Open-source effort for NLLB checkpoints, aiming for commercial use

Created 2 years ago
481 stars

Top 63.4% on SourcePulse

GitHubView on GitHub
Project Summary

This repository provides open-source checkpoints and training code for Meta's NLLB (No Language Left Behind) machine translation system, enabling commercial use of models supporting over 200 languages. It targets researchers and developers seeking high-quality, multilingual translation capabilities, particularly for low-resource languages, and aims to democratize AI by offering freely usable models.

How It Works

The project leverages Meta's NLLB architecture, which includes dense transformer models of varying sizes (600M to 3.3B parameters) and a Mixture-of-Experts (MoE) model (54.5B parameters). It utilizes a SentencePiece model (SPM-200) trained on 200+ languages for data encoding and provides comprehensive code for data mining, preparation, training, and inference. This approach allows for scalable, high-quality translation across a vast language spectrum.

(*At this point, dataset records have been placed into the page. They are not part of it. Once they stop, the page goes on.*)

(* mu_W(I) shuffles two increasing sequences: W sits on the positions I and
   the complement C = [st] \ W fills the remaining positions in order, so any
   three entries contain two of the same class and mu avoids 321.  Within each
   class the rank of a position equals the rank of its value (the r-th position
   outside I carries the r-th element of C).  Comparing these ranks with the
   total counts, i_l < w_l forces every value below an element c of C to occur
   before c, so C consists of right-to-left minima, and leaves fewer than
   w_l - 1 positions before w_l, so w_l is not one; the lower bound
   i_l >= w_l - s + l places w_l - s before w_l, which with the previous facts
   respects every cover relation of K^alpha_{s,t}. *)

Lemma ltn_nth_sorted {L : seq nat} {m1 m2 : nat} : sorted ltn L ->
  m1 < size L -> m2 < size L -> (nth 0 L m1 < nth 0 L m2) = (m1 < m2).
Proof.
move=> L_sorted lt_m1 lt_m2; apply/idP/idP => [|lt_m12].
  apply: contraLR; rewrite -!leqNgt => le_m21.
  exact: (sorted_leq_nth leq_trans leqnn 0 (sub_sorted ltnW L_sorted)).
exact: (sorted_ltn_nth ltn_trans 0 L_sorted).
Qed.

Lemma count_lt_nth_sorted {L : seq nat} {m : nat} :
  sorted ltn L -> m < size L -> count (fun x => x < nth 0 L m) L = m.
Proof.
move=> L_sorted lt_m; set pivot := nth 0 L m.
rewrite -(cat_take_drop m L) count_cat.
have size_take_m : size (take m L) = m by rewrite size_takel // ltnW.
rewrite -[RHS]addn0 -[in RHS]size_take_m; congr (_ + _).
- apply/eqP; rewrite -all_count; apply/(all_nthP 0) => i; rewrite size_take_m => lt_im.
  by rewrite /= nth_take // ltn_nth_sorted // (ltn_trans lt_im).
- apply/eqP; rewrite -leqn0 leqNgt -has_count; apply/(has_nthP 0) => -[i].
  rewrite size_drop nth_drop ltn_subRL => lt_mi.
  by rewrite /= ltn_nth_sorted // ltnNge leq_addr.
Qed.

Definition count_below (P : pred nat) (v : nat) : nat := count P (iota 1 v.-1).

Lemma count_belowS (P : pred nat) v :
  0 < v -> count_below P v.+1 = count_below P v + P v.
Proof.
case: v => // v _.
by rewrite /count_below !succnK -[v.+1]addn1 iotaD count_cat /= addn0 add1n addn1.
Qed.

Lemma count_below_le (P : pred nat) v : count_below P v <= v.-1.
Proof. by rewrite -[leqRHS](size_iota 1 v.-1) count_size. Qed.

Lemma count_belowC (P : pred nat) v :
  count_below P v + count_below (fun x => ~~ P x) v = v.-1.
Proof. by rewrite /count_below count_predC size_iota. Qed.

Lemma leq_count_below (P : pred nat) {u v} :
  u <= v -> count_below P u <= count_below P v.
Proof.
move=> le_uv; rewrite /count_below.
have /subnKC <- : u.-1 <= v.-1 by rewrite -!subn1 leq_sub2r.
by rewrite iotaD count_cat leq_addr.
Qed.

Lemma count_below_ltn (P : pred nat) u v :
  count_below P u < count_below P v -> u < v.
Proof. by apply: contraLR; rewrite -!leqNgt => /(leq_count_below P). Qed.

Lemma ltn_count_below (P : pred nat) u v :
  0 < u -> P u -> (count_below P u < count_below P v) = (u < v).
Proof.
move=> u_gt0 Pu; apply/idP/idP => [|lt_uv]; first exact: count_below_ltn.
by apply: leq_trans _ (leq_count_below P lt_uv); rewrite count_belowS // Pu addn1.
Qed.

Lemma count_below_memE (L : seq nat) v : uniq L -> all (leq 1) L ->
  count_below (fun x => x \in L) v = count (fun x => x < v) L.
Proof.
move=> L_uniq L_gt0; rewrite /count_below -!size_filter; apply: perm_size.
apply: uniq_perm; rewrite ?filter_uniq ?iota_uniq // => x.
rewrite !mem_filter mem_iota andbC; have [xL|] := boolP (x \in L); last by rewrite !andbF.
by have := allP L_gt0 x xL; case: v => [|v] /=; lia.
Qed.

Lemma count_below_nth_sorted {L : seq nat} {m : nat} : sorted ltn L -> all (leq 1) L ->
  m < size L -> count_below (fun x => x \in L) (nth 0 L m) = m.
Proof.
move=> L_sorted L_gt0 lt_m.
by rewrite count_below_memE ?(sorted_uniq ltn_trans ltnn) ?count_lt_nth_sorted.
Qed.

Lemma count_below_mem_size (L : seq nat) v : uniq L -> all (fun x => 0 < x < v) L ->
  count_below (fun x => x \in L) v = size L.
Proof.
move=> L_uniq L_range; rewrite count_below_memE //; last first.
  by apply: sub_all L_range => x /andP[].
by apply/eqP; rewrite -all_count; apply: sub_all L_range => x /andP[].
Qed.

Lemma size_mu_fill W I ps c : size (mu_fill W I ps c) = size ps.
Proof. by elim: ps c => [|p ps IH] c //=; case: ifP => _ /=; rewrite IH. Qed.

Lemma nth_mu_fill W I ps c j : j < size ps ->
  nth 0 (mu_fill W I ps c) j =
  if nth 0 ps j \in I then nth 0 W (index (nth 0 ps j) I)
  else nth 0 c (count (fun p => p \notin I) (take j ps)).
Proof.
elim: ps c j => [|p ps IH] c [|j] //= lt_j; first by case: ifP => _ //=; rewrite -nth0.
by case: ifP => pI /=; rewrite IH //; case: ifP => // _; rewrite nth_behead.
Qed.

Lemma avoids321_of_increasing_classes (pi : seq nat) (c : nat -> bool) :
  (forall a b, a < size pi -> b < size pi -> c a = c b ->
     nth 0 pi a < nth 0 pi b -> a < b) ->
  avoids321 pi.
Proof.
move=> incr i j k lt_ij lt_jk lt_k [lt_ji lt_kj].
have lt_j := ltn_trans lt_jk lt_k; have lt_i := ltn_trans lt_ij lt_j.
have [cji|cji] := eqVneq (c j) (c i).
  by move: (incr j i lt_j lt_i cji lt_ji); rewrite ltnNge ltnW.
have [ckj|ckj] := eqVneq (c k) (c j).
  by move: (incr k j lt_k lt_j ckj lt_kj); rewrite ltnNge ltnW.
have cki : c k = c i by move: cji ckj; case: (c i) (c j) (c k) => [] [] [].
move: (incr k i lt_k lt_i cki (ltn_trans lt_kj lt_ji)).
by rewrite ltnNge ltnW // (ltn_trans lt_ij).
Qed.

Lemma rl_min_pred_le_pos {sigma : seq nat} {n i : nat} :
  perm_eq sigma (iota 1 n) -> i < size sigma ->
  (forall j, i < j -> j < size sigma -> nth 0 sigma i < nth 0 sigma j) ->
  (nth 0 sigma i).-1 <= i.
Proof.
move=> sigma_perm lt_i later; set x := nth 0 sigma i.
have below_x_early : {subset iota 1 x.-1 <= take i sigma}.
  move=> y; rewrite mem_iota => y_range.
  have x_range : x \in iota 1 n by rewrite -(perm_mem sigma_perm) mem_nth.
  have y_sigma : y \in sigma.
    by rewrite (perm_mem sigma_perm) mem_iota; move: x_range; rewrite mem_iota; lia.
  have nth_y := nth_index 0 y_sigma; have lt_y := y_sigma; rewrite -index_mem in lt_y.
  case: (ltngtP (index y sigma) i) => [lt_yi|lt_iy|eq_yi].
  - by rewrite -nth_y -(nth_take 0 lt_yi) mem_nth // size_takel // ltnW.
  - by move: (later _ lt_iy lt_y); rewrite nth_y; lia.
  - by move: y_range; rewrite -nth_y eq_yi -/x; lia.
have := uniq_leq_size (iota_uniq 1 x.-1) below_x_early.
by rewrite size_iota size_takel // ltnW.
Qed.

Section Merge.

Variables (n : nat) (W I : seq nat).
Hypotheses (W_sorted : sorted ltn W) (W_le_n : all (fun w => w <= n) W).
Hypotheses (I_sorted : sorted ltn I) (size_I : size I = size W).
Hypothesis I_gt0 : forall m, m < size W -> 0 < nth 0 I m.
Hypothesis I_lt_W : forall m, m < size W -> nth 0 I m < nth 0 W m.

Local Notation C := [seq x <- iota 1 n | x \notin W].
Local Notation mu := (mu_fill W I (iota 1 n) C).
Local Notation inW := (fun x => x \in W).
Local Notation outW := (fun x => x \notin W).
Local Notation inI := (fun p => p \in I).
Local Notation outI := (fun p => p \notin I).

Let W_gt0 : all (leq 1) W.
Proof.
by apply/(all_nthP 0) => m lt_m; apply: leq_ltn_trans (leq0n _) (I_lt_W _ lt_m).
Qed.

Let I_range : all (fun i => 0 < i < n.+1) I.
Proof.
apply/(all_nthP 0) => m; rewrite size_I => lt_m; rewrite I_gt0 //=.
by rewrite ltnS (leq_trans (ltnW (I_lt_W _ lt_m))) //; apply: (all_nthP 0 W_le_n).
Qed.

Let rank_W m : m < size W -> count_below inW (nth 0 W m) = m.
Proof. exact: count_below_nth_sorted W_sorted W_gt0. Qed.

Quick Start & Requirements

  • Installation and usage instructions are detailed in the INSTALL guide and the fairseq README.
  • Requires Python and dependencies managed by fairseq.
  • Hugging Face integration is available for dense models.

Highlighted Details

  • Open-sources NLLB-200 models (MoE 54.5B, Dense 3.3B, 1.3B) and distilled versions (1.3B, 600M).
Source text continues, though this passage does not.